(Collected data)
Lemma dim_kX_sum_jordan_max q j k : enhanced_index lam q j -> (k <= t)%N ->
  (forall y (nu : 'I_k -> 'cV[F]_n),
     (\dim (kX_sum X (u_vec lam v j + X *m y) nu) <= enh_num lam q k)%N) /\
  (exists y (nu : 'I_k -> 'cV[F]_n),
     \dim (kX_sum X (u_vec lam v j + X *m y) nu) = enh_num lam q k).
Proof.
move=> qj le_kt; rewrite u_vecE; set m := u_index lam j.
have /andP[lt_qm le_mt] := u_index_bounds lam_partition qj.
have upper y (nu : 'I_k -> 'cV[F]_n) :
    (\dim (kX_sum X (jordan_gen m + X *m y) nu) <= enh_num lam q k)%N.
  rewrite /enh_num; apply: dim_kX_sum_jordan_le => // l le_l.
  rewrite mulmxDr mulmx_exprSr; apply: memvD; last first.
    by apply: jordan_tail_mem; move: le_l; case: ifP; lia.
  move: le_l; case: ifP => [_|/negbT le_kq] le_l; first exact: jordan_tail_mem.
  have := lam_a_u_index_lt lam_partition qj (i := k.+1); rewrite -/m => lt_am.
  by rewrite jordan_gen_expr_eq0 ?mem0v //; [lia | move: lt_am; rewrite ltnNge in le_kq; lia].
split=> //; have [lt_qk | le_kq] := ltnP q k.+1.
  have a_m : (k.+1 < m)%N -> a m = a k.+1.
    by move=> lt_km; rewrite (lam_a_u_index_eq lam_partition qj (i := k.+1)) //; lia.
  have [nu ge_nu] := dim_kX_sum_jordan_ge le_kt (leq_ltn_trans (leq0n q) lt_qm) a_m.
  exists 0, nu; apply/eqP; rewrite eqn_leq upper mulmx0 addr0.
  by rewrite /enh_num lt_qk -big_nat_recr.
have lt_am : (a m < a k.+1)%N := lam_a_u_index_lt lam_partition qj (i := k.+1) le_kq.
exists (v k.+1), (fun x => v x.+1); apply/eqP; rewrite eqn_leq upper /enh_num ltnNge le_kq /=.
by apply: dim_kX_sum_jordan_ge_enh; lia.
Qed.

End JordanBasis.

Theorem lemma3p9 (F : closedFieldType) (n : nat) (lam : seq nat) (q : nat)
  (X : 'M[F]_n) (w : 'cV[F]_n)
  (Hlam : is_partition lam) (Horb : in_enh_orbit lam q X w)
  (k : nat) (Hk : (k <= size lam)%N) :
  (forall (y : 'cV[F]_n) (nu : 'I_k -> 'cV[F]_n),
     (\dim (kX_span X (w + X *m y) + \sum_(i < k) kX_span X (nu i))%VS
        <= enh_num lam q k)%N) /\
  (exists (y : 'cV[F]_n) (nu : 'I_k -> 'cV[F]_n),
     \dim (kX_span X (w + X *m y) + \sum_(i < k) kX_span X (nu i))%VS
        = enh_num lam q k).
Proof.
case: Horb => X0 [v0 [j [g [v [jordan qj g_unit [-> ->]]]]]].
set u := u_vec lam v0 j.
have shift y : - (g *m X0 *m invmx g *m v) + g *m u + g *m X0 *m invmx g *m y
               = g *m (u + X0 *m (invmx g *m (y - v))).
  by rewrite mulmxDr !mulmxA mulmxBr addrAC addrC [- _ + _]addrC.
have dimE y (nu nu' : 'I_k -> 'cV[F]_n) : (forall i, nu i = g *m nu' i) ->
    \dim (kX_sum (g *m X0 *m invmx g) (g *m (u + X0 *m y)) nu)
    = \dim (kX_sum X0 (u + X0 *m y) nu').
  move=> nuE; rewrite -(@dim_kX_sum_conj _ _ g X0 _ _ nu' g_unit).
  by congr (\dim (_ + _)); apply: eq_bigr => i _; rewrite nuE.
have [upper [y0 [nu0 dim0]]] := dim_kX_sum_jordan_max jordan Hlam qj Hk.
split=> [y nu | ].
  rewrite -[X in \dim X]/(kX_sum _ _ nu) shift (dimE _ _ (fun i => invmx g *m nu i)) //.
  by move=> i; rewrite mulKVmx.
exists (v + g *m y0), (fun i => g *m nu0 i).
by rewrite -[X in \dim X]/(kX_sum _ _ _) shift [v + _]addrC addrK mulKmx // (dimE y0 _ nu0).
Qed.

**Task prompt**
Could you transcribe all of the entries exactly, leaving nothing out?

**Response**
Lemma dim_kX_sum_jordan_max q j k : enhanced_index lam q j -> (k <= t)%N ->
  (forall y (nu : 'I_k -> 'cV[F]_n),
     (\dim (kX_sum X (u_vec lam v j + X *m y) nu) <= enh_num lam q k)%N) /\
  (exists y (nu : 'I_k -> 'cV[F]_n),
     \dim (kX_sum X (u_vec lam v j + X *m y) nu) = enh_num lam q k).
Proof.
move=> qj le_kt; rewrite u_vecE; set m := u_index lam j.
have /andP[lt_qm le_mt] := u_index_bounds lam_partition qj.
have upper y (nu : 'I_k -> 'cV[F]_n) :
    (\dim (kX_sum X (jordan_gen m + X *m y) nu) <= enh_num lam q k)%N.
  rewrite /enh_num; apply: dim_kX_sum_jordan_le => // l le_l.
  rewrite mulmxDr mulmx_exprSr; apply: memvD; last first.
    by apply: jordan_tail_mem; move: le_l; case: ifP; lia.
  move: le_l; case: ifP => [_|/negbT le_kq] le_l; first exact: jordan_tail_mem.
  have := lam_a_u_index_lt lam_partition qj (i := k.+1); rewrite -/m => lt_am.
  by rewrite jordan_gen_expr_eq0 ?mem0v //; [lia | move: lt_am; rewrite ltnNge in le_kq; lia].
split=> //; have [lt_qk | le_kq] := ltnP q k.+1.
  have a_m : (k.+1 < m)%N -> a m = a k.+1.
    by move=> lt_km; rewrite (lam_a_u_index_eq lam_partition qj (i := k.+1)) //; lia.
  have [nu ge_nu] := dim_kX_sum_jordan_ge le_kt (leq_ltn_trans (leq0n q) lt_qm) a_m.
  exists 0, nu; apply/eqP; rewrite eqn_leq upper mulmx0 addr0.
  by rewrite /enh_num lt_qk -big_nat_recr.
have lt_am : (a m < a k.+1)%N := lam_a_u_index_lt lam_partition qj (i := k.+1) le_kq.
exists (v k.+1), (fun x => v x.+1); apply/eqP; rewrite eqn_leq upper /enh_num ltnNge le_kq /=.
by apply: dim_kX_sum_jordan_ge_enh; lia.
Qed.

End JordanBasis.

Theorem lemma3p9 (F : closedFieldType) (n : nat) (lam : seq nat) (q : nat)
  (X : 'M[F]_n) (w : 'cV[F]_n)
  (Hlam : is_partition lam) (Horb : in_enh_orbit lam q X w)
  (k : nat) (Hk : (k <= size lam)%N) :
  (forall (y : 'cV[F]_n) (nu : 'I_k -> 'cV[F]_n),
     (\dim (kX_span X (w + X *m y) + \sum_(i < k) kX_span X (nu i))%VS
        <= enh_num lam q k)%N) /\
  (exists (y : 'cV[F]_n) (nu : 'I_k -> 'cV[F]_n),
     \dim (kX_span X (w + X *m y) + \sum_(i < k) kX_span X (nu i))%VS
        = enh_num lam q k).
Proof.
case: Horb => X0 [v0 [j [g [v [jordan qj g_unit [-> ->]]]]]].
set u := u_vec lam v0 j.
have shift y : - (g *m X0 *m invmx g *m v) + g *m u + g *m X0 *m invmx g *m y
               = g *m (u + X0 *m (invmx g *m (y - v))).
  by rewrite mulmxDr !mulmxA mulmxBr addrAC addrC [- _ + _]addrC.
have dimE y (nu nu' : 'I_k -> 'cV[F]_n) : (forall i, nu i = g *m nu' i) ->
    \dim (kX_sum (g *m X0 *m invmx g) (g *m (u + X0 *m y)) nu)
    = \dim (kX_sum X0 (u + X0 *m y) nu').
  move=> nuE; rewrite -(@dim_kX_sum_conj _ _ g X0 _ _ nu' g_unit).
  by congr (\dim (_ + _)); apply: eq_bigr => i _; rewrite nuE.
have [upper [y0 [nu0 dim0]]] := dim_kX_sum_jordan_max jordan Hlam qj Hk.
split=> [y nu | ].
  rewrite -[X in \dim X]/(kX_sum _ _ nu) shift (dimE _ _ (fun i => invmx g *m nu i)) //.
  by move=> i; rewrite mulKVmx.
exists (v + g *m y0), (fun i => g *m nu0 i).
by rewrite -[X in \dim X]/(kX_sum _ _ _) shift [v + _]addrC addrK mulKmx // (dimE y0 _ nu0).
Qed.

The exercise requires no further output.